A large number of gamers have reported having their copies of Far Cry deactivated without notice. The offending resellers have given statements, saying that it was wholly unfair on Ubisoft’s part. Ubisoft has now, however, confirmed that the keys were stolen. And they were stolen from an unlikely source. EA”s Origin.
“We confirmed activation keys were recently purchased from EA’s Origin store using fraudulent credit card information and then resold online,” Ubisoft said to Gameinformer. “These keys may have been deactivated. Customers who may have been impacted should contact the vendor where they purchased the key for a refund.”
EA has since confirmed that the affected keys, later resold on sites like G2A and Kinguin, were effectively stolen. The publisher has since temporally removed Ubisoft games from its digital storefront in order to “protect against further fraudulent purchases”.

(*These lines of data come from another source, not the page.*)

(* The substitution [y = d x] reduces the total mass of [eta_d] to that of [eta]. *)
Lemma eta_cdf_d : eta_cdf d d = 1.
Proof.
  unfold eta_cdf.
  assert (H := RInt_comp_lin (eta_d d) d 0 (-1) 1 (ex_RInt_eta_d d _ _ ltac:(lra))).
  replace (d * -1 + 0) with (- d) in H by ring. replace (d * 1 + 0) with d in H by ring.
  rewrite <- H, (RInt_ext _ (fun y => scal (/ C_eta) (exp (1 / (y ^ 2 - 1))))).
  - rewrite (RInt_scal (V := R_CompleteNormedModule)).
    + fold C_eta. unfold scal; simpl; unfold mult; simpl. pose proof C_eta_pos. field; lra.
    + apply ex_RInt_ext with (bump_deriv 0).
      * intros x Hx. rewrite Rmin_left, Rmax_right in Hx by lra. apply bump_deriv_0_in; lra.
      * apply ex_RInt_of_continuous, continuous_chain, bump_deriv_chain.
  - intros x Hx. rewrite Rmin_left, Rmax_right in Hx by lra.
    unfold scal; simpl; unfold mult; simpl. unfold eta_d.
    replace ((d * x + 0) / d) with x by (field; lra).
    rewrite eta_eq. unfold eta_deriv. rewrite bump_deriv_0_in by lra. simpl.
    pose proof C_eta_pos. field; lra.
Qed.

Lemma eta_cdf_right t : d <= t -> eta_cdf d t = 1.
Proof.
  intros Ht. rewrite (eta_cdf_Chasles d t), eta_cdf_d, RInt_eq_0; [ring|].
  intros x Hx. rewrite Rmin_left, Rmax_right in Hx by lra.
  apply eta_d_out; [exact Hd|]. rewrite Rabs_right; lra.
Qed.

Lemma eta_cdf_le s t : s <= t -> eta_cdf d s <= eta_cdf d t.
Proof.
  intros Hst. rewrite (eta_cdf_Chasles s t).
  assert (0 <= RInt (eta_d d) s t); [|lra].
  apply RInt_ge_0; [exact Hst | apply ex_RInt_eta_d; lra | intros; apply eta_d_ge0, Hd].
Qed.

Lemma eta_cdf_bounds t : 0 <= eta_cdf d t <= 1.
Proof.
  split.
  - rewrite <- (eta_cdf_left (Rmin t (- d)) (Rmin_r _ _)). apply eta_cdf_le, Rmin_l.
  - rewrite <- (eta_cdf_right (Rmax t d) (Rmax_r _ _)). apply eta_cdf_le, Rmax_l.
Qed.

Variable Rr : R.
Hypothesis HR : -1 - d <= Rr + d.

Lemma zeta_eq_cdf p : zeta Rr d p = eta_cdf d (p + 1 + d) - eta_cdf d (p - Rr - d).
Proof.
  unfold zeta.
  rewrite (RInt_ext _ (fun y => opp (scal (-1) (eta_d d (-1 * y + p))))).
  2: { intros x Hx. rewrite Rmin_left, Rmax_right in Hx by lra.
       unfold chi_Omega1. do 2 (destruct Rlt_dec; [|lra]).
       unfold opp, scal; simpl; unfold mult; simpl. replace (-1 * x + p) with (p - x) by ring.
       ring. }
  rewrite (RInt_opp (V := R_CompleteNormedModule)).
  2: { apply ex_RInt_of_continuous. intros x.
       apply (continuous_scal_r (-1) (fun y => eta_d d (-1 * y + p))).
       apply continuous_comp; [|apply continuous_eta_d; lra].
       apply (ex_derive_continuous (fun y => -1 * y + p)). auto_derive; auto. }
  rewrite (RInt_comp_lin (V := R_CompleteNormedModule)) by (apply ex_RInt_eta_d; lra).
  replace (-1 * (-1 - d) + p) with (p + 1 + d) by ring.
  replace (-1 * (Rr + d) + p) with (p - Rr - d) by ring.
  rewrite (eta_cdf_Chasles (p + 1 + d) (p - Rr - d)).
  unfold opp; simpl. ring.
Qed.

Lemma zeta_abs_le_1 p : Rabs (zeta Rr d p) <= 1.
Proof.
  rewrite zeta_eq_cdf.
  pose proof (eta_cdf_bounds (p + 1 + d)). pose proof (eta_cdf_bounds (p - Rr - d)).
  pose proof (eta_cdf_le (p - Rr - d) (p + 1 + d) ltac:(lra)).
  rewrite Rabs_right; lra.
Qed.

Definition zeta_deriv (k : nat) : R -> R :=
  match k with
  | O => zeta Rr d
  | S j => fun p => eta_d_deriv d j (p + 1 + d) - eta_d_deriv d j (p - Rr - d)
  end.

Lemma zeta_deriv_chain : derivative_chain zeta_deriv.
Proof.
  assert (Hshift : forall (g : R -> R) g' c x, is_derive g (x + c) g' ->
    is_derive (fun p => g (p + c)) x g').
  { intros g g' c x Hg. rewrite <- (Rmult_1_l g').
    apply (is_derive_comp g (fun p => p + c)); [exact Hg | auto_derive; auto]. }
  assert (Hdiff : forall (g g' : R -> R) x, (forall t, is_derive g t (g' t)) ->
    is_derive (fun p => g (p + 1 + d) - g (p - Rr - d)) x (g' (x + 1 + d) - g' (x - Rr - d))).
  { intros g g' x Hg.
    apply (is_derive_minus (fun p => g (p + 1 + d)) (fun p => g (p - Rr - d))).
    - apply is_derive_ext with (fun p => g (p + (1 + d))); [intros; f_equal; ring|].
      apply Hshift. replace (x + (1 + d)) with (x + 1 + d) by ring. apply Hg.
    - apply is_derive_ext with (fun p => g (p + (- Rr - d))); [intros; f_equal; ring|].
      apply Hshift. replace (x + (- Rr - d)) with (x - Rr - d) by ring. apply Hg. }
  intros [|j] x; simpl.
  - apply is_derive_ext with (fun p => eta_cdf d (p + 1 + d) - eta_cdf d (p - Rr - d)).
    { intros t; symmetry; apply zeta_eq_cdf. }
    rewrite <- !eta_d_eq. apply Hdiff, is_derive_eta_cdf.
  - apply Hdiff. intros t. apply eta_d_deriv_chain. lra.
Qed.

Lemma zeta_deriv_out k x : x < - (1 + 2 * d) \/ Rr + 2 * d < x -> zeta_deriv k x = 0.
Proof.
  intros Hx. destruct k as [|j]; simpl.
  - rewrite zeta_eq_cdf. destruct Hx.
    + rewrite !eta_cdf_left by lra. ring.
    + rewrite !eta_cdf_right by lra. ring.
  - destruct Hx.
    + rewrite !eta_d_deriv_out; try ring; try exact Hd; rewrite Rabs_left; lra.
    + rewrite !eta_d_deriv_out; try ring; try exact Hd; rewrite Rabs_right; lra.
Qed.

Lemma zeta_deriv_le K k x : 1 <= d -> INR K <= d -> (k <= K)%nat ->
  Rabs (zeta_deriv k x) <= 18 * (216 * d ^ 2) ^ K.
Proof.
  intros Hd1 HK Hk.
  assert (Hbase : 1 <= 216 * d ^ 2) by (simpl; nra).
  assert (H1 : 1 <= (216 * d ^ 2) ^ K) by (apply pow_R1_Rle; lra).
  destruct k as [|j]; simpl zeta_deriv; [pose proof (zeta_abs_le_1 x); lra|].
  assert (Hj : forall s, Rabs (eta_d_deriv d j s) <= 9 * (216 * d ^ 2) ^ K).
  { intros s. eapply Rle_trans; [apply eta_d_deriv_le; [lra|]|].
    - apply le_INR in Hk. rewrite S_INR in Hk. lra.
    - apply Rmult_le_compat_l; [lra|]. apply Rle_pow; [lra|lia]. }
  eapply Rle_trans; [apply Rabs_triang|]. rewrite Rabs_Ropp.
  pose proof (Hj (x + 1 + d)). pose proof (Hj (x - Rr - d)). lra.
Qed.

End Cutoff.

Lemma is_RInt_gen_of_support (f : R -> R) a b : a <= b -> ex_RInt f a b ->
  (forall x, x < a \/ b < x -> f x = 0) ->
  is_RInt_gen f (Rbar_locally m_infty) (Rbar_locally p_infty) (RInt f a b).
Proof.
  intros Hab Hex Hz P HP.
  apply Filter_prod with (fun u => u < a) (fun v => b < v); [exists a; auto | exists b; auto|].
  intros u v Hu Hv. exists (RInt f a b). split; [|apply locally_singleton, HP].
  assert (Hzero : forall s t, s <= t -> (forall x, s < x < t -> f x = 0) -> is_RInt f s t 0).
  { intros s t Hst Hf.
    replace 0 with (scal (t - s) 0) by (unfold scal; simpl; unfold mult; simpl; ring).
    apply is_RInt_ext with (fun _ => 0); [|exact (is_RInt_const s t 0)].
    intros x Hx. rewrite Rmin_left, Rmax_right in Hx by lra. symmetry; apply Hf; lra. }
  assert (Hleft : is_RInt f u a 0) by (apply Hzero; [lra|]; intros; apply Hz; lra).
  assert (Hright : is_RInt f b v 0) by (apply Hzero; [lra|]; intros; apply Hz; lra).
  pose proof (is_RInt_Chasles f u a v _ _ Hleft
    (is_RInt_Chasles f a b v _ _ (RInt_correct f a b Hex) Hright)) as H.
  replace (RInt f a b) with (plus 0 (plus (RInt f a b) 0)) by (unfold plus; simpl; ring).
  exact H.
Qed.

Lemma is_RInt_exp_neg2 a b :
  is_RInt (fun x => exp (- (2 * x))) a b ((exp (- (2 * a)) - exp (- (2 * b))) / 2).
Proof.
  replace ((exp (- (2 * a)) - exp (- (2 * b))) / 2)
    with (minus (- exp (- (2 * b)) / 2) (- exp (- (2 * a)) / 2))
    by (unfold minus, plus, opp; simpl; field).
  apply (is_RInt_derive (fun x => - exp (- (2 * x)) / 2)).
  - intros x _. auto_derive; auto. field.
  - intros x _. apply (ex_derive_continuous (fun x => exp (- (2 * x)))). auto_derive; auto.
Qed.

Lemma continuous_pow2 (h : R -> R) x : continuous h x -> continuous (fun x => h x ^ 2) x.
Proof.
  intros Hc. apply (continuous_mult h (fun x => h x ^ 1)); [exact Hc|].
  apply (continuous_mult h (fun _ => 1)); [exact Hc | apply continuous_const].
Qed.

Lemma sqrt_RInt_sq_le (h : R -> R) a b M : a <= b -> 0 <= M -> (forall x, continuous h x) ->
  (forall x, Rabs (h x) <= M * exp (- x)) ->
  sqrt (RInt (fun x => h x ^ 2) a b) <= M * exp (- a).
Proof.
  intros Hab HM Hc Hh.
  assert (Hex : ex_RInt (fun x => h x ^ 2) a b)
    by (apply ex_RInt_of_continuous; intros; apply continuous_pow2, Hc).
  assert (Hsq : forall x, h x ^ 2 <= M ^ 2 * exp (- (2 * x))).
  { intros x. replace (- (2 * x)) with (- x + - x) by ring. rewrite exp_plus, <- pow2_abs.
    pose proof (Hh x). pose proof (Rabs_pos (h x)). pose proof (exp_pos (- x)). simpl; nra. }
  assert (HI : RInt (fun x => h x ^ 2) a b <= M ^ 2 * exp (- (2 * a))).
  { eapply Rle_trans.
    - apply (is_RInt_le _ (fun x => M ^ 2 * exp (- (2 * x))) a b _ _ Hab (RInt_correct _ _ _ Hex)).
      + apply (is_RInt_scal (fun x => exp (- (2 * x))) a b (M ^ 2)), is_RInt_exp_neg2.
      + intros x _. apply Hsq.
    - pose proof (exp_pos (- (2 * a))). pose proof (exp_pos (- (2 * b))).
      apply Rmult_le_compat_l; [apply pow2_ge_0 | lra]. }
  rewrite <- (sqrt_pow2 (M * exp (- a))) by (apply Rmult_le_pos; [lra | left; apply exp_pos]).
  apply sqrt_le_1_alt. rewrite Rpow_mult_distr, exp_pow.
  replace (INR 2 * - a) with (- (2 * a)) by (simpl; ring). exact HI.
Qed.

“A number of activation keys for Ubisoft products were purchased from Origin using fraudulent credit cards, and then resold online. We identified the unauthorized keys and notified Ubisoft,” ERA said. “If you are having trouble with an activation key, we recommend you contact the vendor who sold it to you for a refund. We strongly advise players only purchase keys from Origin or trusted resellers.”
Of course the internet, so fond of conspiracy as it is, believes it’s little more than a ploy from publishers to get consumers to pay full price for games. Games are indeed expensive – perhaps overpriced – but I don’t think there’s a need for tinfoil hats here. The games in question were stolen, and that should be the end of that.